(* Let $\mathcal{A}$ be an essentially small additive category admitting finite coproducts. Endow the split Grothendieck group $\mathrm{K}_0^\oplus(\mathcal{A})$ with the heap structure $[\overline{A},\overline{B},\overline{C}]_\oplus:=\overline{A}-\overline{B}+\overline{C}$. Then there is a canonical epimorphism of heaps $\mathrm{K}_0^\oplus(\mathcal{A})\twoheadrightarrow \mathrm{K}_0^{\mathrm{heap}}(\mathcal{A})$ sending the class of an object to the class of the same object.
   Context: A heap is a set $H$ with a ternary operation $[\_,\_,\_]:H^3\to H$ satisfying $[a,b,[c,d,e]]=[[a,b,c],d,e]$ and $[x,x,y]=y=[y,x,x]$. The split Grothendieck group $\mathrm{K}_0^\oplus(\mathcal{A})$ of an additive category is the abelian group generated by isomorphism classes $\overline{A}$ of objects subject to $\overline{A\oplus B}=\overline{A}+\overline{B}$. For an essentially small category $\mathcal{C}$, its Grothendieck heap $\mathrm{K}_0^{\mathrm{heap}}(\mathcal{C})$ is the heap generated by the isomorphism classes $\overline{X}$ of objects of $\mathcal{C}$, subject to the relations $[\overline{X},\overline{Y},\overline{Z}]=\overline{X\sqcup_Y Z}$ for every pushout square $X\leftarrow Y\rightarrow Z$ in $\mathcal{C}$ in which at least one of the two maps $Y\to X$, $Y\to Z$ is a monomorphism. *)

From HB Require Import structures.
From mathcomp Require Import all_boot all_algebra.
From Stdlib Require Import ClassicalEpsilon.
Set Implicit Arguments.
Unset Strict Implicit.
Unset Printing Implicit Defensive.
Import GRing.Theory.
Local Open Scope ring_scope.

(** * Preadditive categories: Hom-sets are abelian groups, composition is
    bilinear.  Objects live in a [Type], so the category is (essentially)
    small relative to the ambient universe. *)
Record preadditive := PreAdd {
  Obj : Type;
  Hom : Obj -> Obj -> zmodType;
  idm : forall A, Hom A A;
  comp : forall A B C, Hom B C -> Hom A B -> Hom A C;
  comp_id_l : forall A B (f : Hom A B), comp (idm B) f = f;
  comp_id_r : forall A B (f : Hom A B), comp f (idm A) = f;
  comp_assoc : forall A B C D (f : Hom C D) (g : Hom B C) (h : Hom A B),
      comp f (comp g h) = comp (comp f g) h;
  comp_addl : forall A B C (f g : Hom B C) (h : Hom A B),
      comp (f + g) h = comp f h + comp g h;
  comp_addr : forall A B C (h : Hom B C) (f g : Hom A B),
      comp h (f + g) = comp h f + comp h g
}.

Arguments idm {p} A.
Arguments comp {p A B C} _ _.

Section Cat.
Variable C : preadditive.

Definition is_zero_object (Z : Obj C) :=
  (forall A (f : Hom Z A), f = 0) /\ (forall A (g : Hom A Z), g = 0).

Definition is_biproduct (A B S : Obj C) :=
  exists (i1 : Hom A S) (i2 : Hom B S) (p1 : Hom S A) (p2 : Hom S B),
    [/\ comp p1 i1 = idm A, comp p2 i2 = idm B,
        comp p2 i1 = 0, comp p1 i2 = 0 &
        comp i1 p1 + comp i2 p2 = idm S].

(** Additive category: preadditive, with a zero object and all binary
    biproducts (hence all finite coproducts). *)
Definition additive :=
  (exists Z, is_zero_object Z) /\ (forall A B, exists S, is_biproduct A B S).

Definition isomorphic (X Y : Obj C) :=
  exists (f : Hom X Y) (g : Hom Y X), comp g f = idm X /\ comp f g = idm Y.

Definition mono (X Y : Obj C) (f : Hom X Y) :=
  forall W (h k : Hom W X), comp f h = comp f k -> h = k.

Definition is_pushout (X Y Z P : Obj C) (f : Hom Y X) (g : Hom Y Z)
    (u : Hom X P) (v : Hom Z P) :=
  comp u f = comp v g /\
  forall Q (a : Hom X Q) (b : Hom Z Q), comp a f = comp b g ->
    exists h : Hom P Q, [/\ comp h u = a, comp h v = b &
      forall h' : Hom P Q, comp h' u = a -> comp h' v = b -> h' = h].

End Cat.

Definition quot (T : Type) (R : T -> T -> Prop) := {P : T -> Prop | exists x, P = R x}.
Definition qcls (T : Type) (R : T -> T -> Prop) (x : T) : quot R :=
  exist _ (R x) (ex_intro _ x erefl).
Definition qrepr (T : Type) (R : T -> T -> Prop) (q : quot R) : T :=
  proj1_sig (constructive_indefinite_description _ (proj2_sig q)).

(** * Split Grothendieck group: free abelian group on objects modulo
    the congruence generated by [X ~ Y] for [X ≅ Y] and [A⊕B ~ A + B]. *)
Inductive gterm (C : preadditive) :=
  | gvar of Obj C | gzero | gadd of gterm C & gterm C | gneg of gterm C.
Arguments gzero {C}.

Inductive gcong (C : preadditive) : gterm C -> gterm C -> Prop :=
  | gc_refl x : gcong x x
  | gc_sym x y : gcong x y -> gcong y x
  | gc_trans x y z : gcong x y -> gcong y z -> gcong x z
  | gc_add x x' y y' : gcong x x' -> gcong y y' -> gcong (gadd x y) (gadd x' y')
  | gc_neg x x' : gcong x x' -> gcong (gneg x) (gneg x')
  | gc_addA x y z : gcong (gadd x (gadd y z)) (gadd (gadd x y) z)
  | gc_addC x y : gcong (gadd x y) (gadd y x)
  | gc_add0 x : gcong (gadd gzero x) x
  | gc_addN x : gcong (gadd (gneg x) x) gzero
  | gc_iso X Y : isomorphic X Y -> gcong (gvar X) (gvar Y)
  | gc_biprod A B S : is_biproduct A B S ->
      gcong (gvar S) (gadd (gvar A) (gvar B)).

Definition K0sum (C : preadditive) := quot (@gcong C).
Definition clsS (C : preadditive) (X : Obj C) : K0sum C := qcls (@gcong C) (gvar X).
Definition sum_heap_op (C : preadditive) (a b c : K0sum C) : K0sum C :=
  qcls (@gcong C) (gadd (gadd (qrepr a) (gneg (qrepr b))) (qrepr c)).

(** * Grothendieck heap: free heap on objects modulo the congruence generated
    by the heap axioms, [X ~ Y] for [X ≅ Y], and
    [[X,Y,Z] ~ X ⊔_Y Z] for pushouts with at least one leg a monomorphism. *)
Inductive hterm (C : preadditive) :=
  | hvar of Obj C | hop of hterm C & hterm C & hterm C.

Inductive hcong (C : preadditive) : hterm C -> hterm C -> Prop :=
  | hc_refl x : hcong x x
  | hc_sym x y : hcong x y -> hcong y x
  | hc_trans x y z : hcong x y -> hcong y z -> hcong x z
  | hc_op x x' y y' z z' : hcong x x' -> hcong y y' -> hcong z z' ->
      hcong (hop x y z) (hop x' y' z')
  | hc_assoc a b c d e : hcong (hop a b (hop c d e)) (hop (hop a b c) d e)
  | hc_cancl x y : hcong (hop x x y) y
  | hc_cancr x y : hcong (hop y x x) y
  | hc_iso X Y : isomorphic X Y -> hcong (hvar X) (hvar Y)
  | hc_pushout X Y Z P (f : Hom Y X) (g : Hom Y Z) (u : Hom X P) (v : Hom Z P) :
      is_pushout f g u v -> (mono f \/ mono g) ->
      hcong (hop (hvar X) (hvar Y) (hvar Z)) (hvar P).

Definition K0heap (C : preadditive) := quot (@hcong C).
Definition clsH (C : preadditive) (X : Obj C) : K0heap C := qcls (@hcong C) (hvar X).
Definition heap_op (C : preadditive) (a b c : K0heap C) : K0heap C :=
  qcls (@hcong C) (hop (qrepr a) (qrepr b) (qrepr c)).

Definition heap_morphism (H1 H2 : Type) (o1 : H1 -> H1 -> H1 -> H1)
    (o2 : H2 -> H2 -> H2 -> H2) (f : H1 -> H2) :=
  forall a b c, f (o1 a b c) = o2 (f a) (f b) (f c).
-------
Take exactly the lines from the one containing "x : gcong x x" through the one containing "(o2 : H2 -> H2" in the data above, and output them with nothing added.

  | gc_refl x : gcong x x
  | gc_sym x y : gcong x y -> gcong y x
  | gc_trans x y z : gcong x y -> gcong y z -> gcong x z
  | gc_add x x' y y' : gcong x x' -> gcong y y' -> gcong (gadd x y) (gadd x' y')
  | gc_neg x x' : gcong x x' -> gcong (gneg x) (gneg x')
  | gc_addA x y z : gcong (gadd x (gadd y z)) (gadd (gadd x y) z)
  | gc_addC x y : gcong (gadd x y) (gadd y x)
  | gc_add0 x : gcong (gadd gzero x) x
  | gc_addN x : gcong (gadd (gneg x) x) gzero
  | gc_iso X Y : isomorphic X Y -> gcong (gvar X) (gvar Y)
  | gc_biprod A B S : is_biproduct A B S ->
      gcong (gvar S) (gadd (gvar A) (gvar B)).

Definition K0sum (C : preadditive) := quot (@gcong C).
Definition clsS (C : preadditive) (X : Obj C) : K0sum C := qcls (@gcong C) (gvar X).
Definition sum_heap_op (C : preadditive) (a b c : K0sum C) : K0sum C :=
  qcls (@gcong C) (gadd (gadd (qrepr a) (gneg (qrepr b))) (qrepr c)).

(** * Grothendieck heap: free heap on objects modulo the congruence generated
    by the heap axioms, [X ~ Y] for [X ≅ Y], and
    [[X,Y,Z] ~ X ⊔_Y Z] for pushouts with at least one leg a monomorphism. *)
Inductive hterm (C : preadditive) :=
  | hvar of Obj C | hop of hterm C & hterm C & hterm C.

Inductive hcong (C : preadditive) : hterm C -> hterm C -> Prop :=
  | hc_refl x : hcong x x
  | hc_sym x y : hcong x y -> hcong y x
  | hc_trans x y z : hcong x y -> hcong y z -> hcong x z
  | hc_op x x' y y' z z' : hcong x x' -> hcong y y' -> hcong z z' ->
      hcong (hop x y z) (hop x' y' z')
  | hc_assoc a b c d e : hcong (hop a b (hop c d e)) (hop (hop a b c) d e)
  | hc_cancl x y : hcong (hop x x y) y
  | hc_cancr x y : hcong (hop y x x) y
  | hc_iso X Y : isomorphic X Y -> hcong (hvar X) (hvar Y)
  | hc_pushout X Y Z P (f : Hom Y X) (g : Hom Y Z) (u : Hom X P) (v : Hom Z P) :
      is_pushout f g u v -> (mono f \/ mono g) ->
      hcong (hop (hvar X) (hvar Y) (hvar Z)) (hvar P).

Definition K0heap (C : preadditive) := quot (@hcong C).
Definition clsH (C : preadditive) (X : Obj C) : K0heap C := qcls (@hcong C) (hvar X).
Definition heap_op (C : preadditive) (a b c : K0heap C) : K0heap C :=
  qcls (@hcong C) (hop (qrepr a) (qrepr b) (qrepr c)).

Definition heap_morphism (H1 H2 : Type) (o1 : H1 -> H1 -> H1 -> H1)
    (o2 : H2 -> H2 -> H2 -> H2) (f : H1 -> H2) :=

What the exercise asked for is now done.